Gelernter Konditor und Eismacher übernimmt das Eiscafé
Eis wird es im Eiscafé Lazzaris trotzdem weiterhin geben. Denn mit Hamayoon Mohammadi hat ein gelernter Konditor und Eismacher den Laden übernommen. "Das Eis soll so bleiben, wie die Leute es kennen", kündigt Mohammadi an. Einmal in der Woche stehe er dafür im Keller an der Eismaschine. Diesmal: Pistazie.
Blassgrüne cremige Masse kommt dort aus der Maschine und füllt nach und nach einen Plastikbehälter. "Verkaufen können wir es so noch nicht. Dafür ist es noch zu weich", sagt er und stellt das frische Pistazieneis in den Gefrierschrank.
"Es war schon immer mein Ziel, selbstständig zu sein", sagt der Konditor. "Es ist zwar mehr Stress, aber dafür ist es meins." Der erste eigene Laden ist das Eiscafé Lazzaris für ihn nicht. Nach seiner Ausbildung habe er zuletzt gemeinsam mit einem Freund das Stadtcafé nur wenige hundert Meter weiter betrieben, sagt Mohammadi, der 2011 aus Afghanistan nach Deutschland gekommen ist.

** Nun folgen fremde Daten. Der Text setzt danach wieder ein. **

Definition is_F (q : Q) : bool := if q is F then true else false.

Definition slots_used (q : Q) : nat :=
  match q with L1 | O1 => 1 | L2 | O2 => 2 | _ => 0 end.

Definition slots_free (q : Q) : nat :=
  match q with L0 | O0 => 2 | L1 | O1 => 1 | _ => 0 end.

Definition weight (q : Q) : nat := slots_free q + is_F q.

Lemma delta_attach a b c r : delta a b c = Some r ->
  exists a', [/\ r = (a', O0, true), b = F, c = false &
    [/\ ~~ is_F a, ~~ is_F a', slots_used a' = (slots_used a).+1
      & weight a = (weight a').+1]].
Proof. by case: a; case: b; case: c => //= -[<-]; eexists; split. Qed.

Lemma delta_free a : 0 < slots_free a ->
  exists a', delta a F false = Some (a', O0, true).
Proof. by case: a => //= _; eexists. Qed.

Lemma delta_attached_target a b c : ~~ is_F b -> delta a b c = None.
Proof. by case: a; case: b; case: c. Qed.

Lemma step_all_attached n (C : config n) p :
  (forall w, ~~ is_F (st C w)) -> step C p = C.
Proof.
by move=> nF; rewrite /step /interact !delta_attached_target.
Qed.

Lemma sum_update2 n (f g : 'I_n -> nat) u v : u != v ->
  (forall w, w != u -> w != v -> g w = f w) ->
  \sum_w g w + f u + f v = \sum_w f w + g u + g v.
Proof.
move=> uv gfE.
rewrite (bigD1 u) //= (bigD1 v) 1?eq_sym //=.
rewrite [in RHS](bigD1 u) //= [in RHS](bigD1 v) 1?eq_sym //=.
rewrite (eq_bigr f); first by lia.
by move=> w /andP[wu wv]; apply: gfE.
Qed.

Die ersten Tage nach der Eröffnung Mitte April seien gut gelaufen, sagt der 35-Jährige zufrieden. Allerdings hänge vieles vom Wetter ab und da gebe es noch Luft nach oben. Im Großen und Ganzen will Mohammadi dem Stil des Eiscafés Lazzaris treu bleiben. Lediglich kleine Veränderungen in der Einrichtung, plane er, sagt er. Außerdem wolle er das Sortiment unter anderem um Kuchen und Bubble-Waffeln erweitern. "Mir war es wichtig, jemanden zu finden, der jung ist und sich mit Eis auskennt", sagt Anna Maria Lazzaris. So könne sie die Eisdiele mit gutem Gefühl abgeben.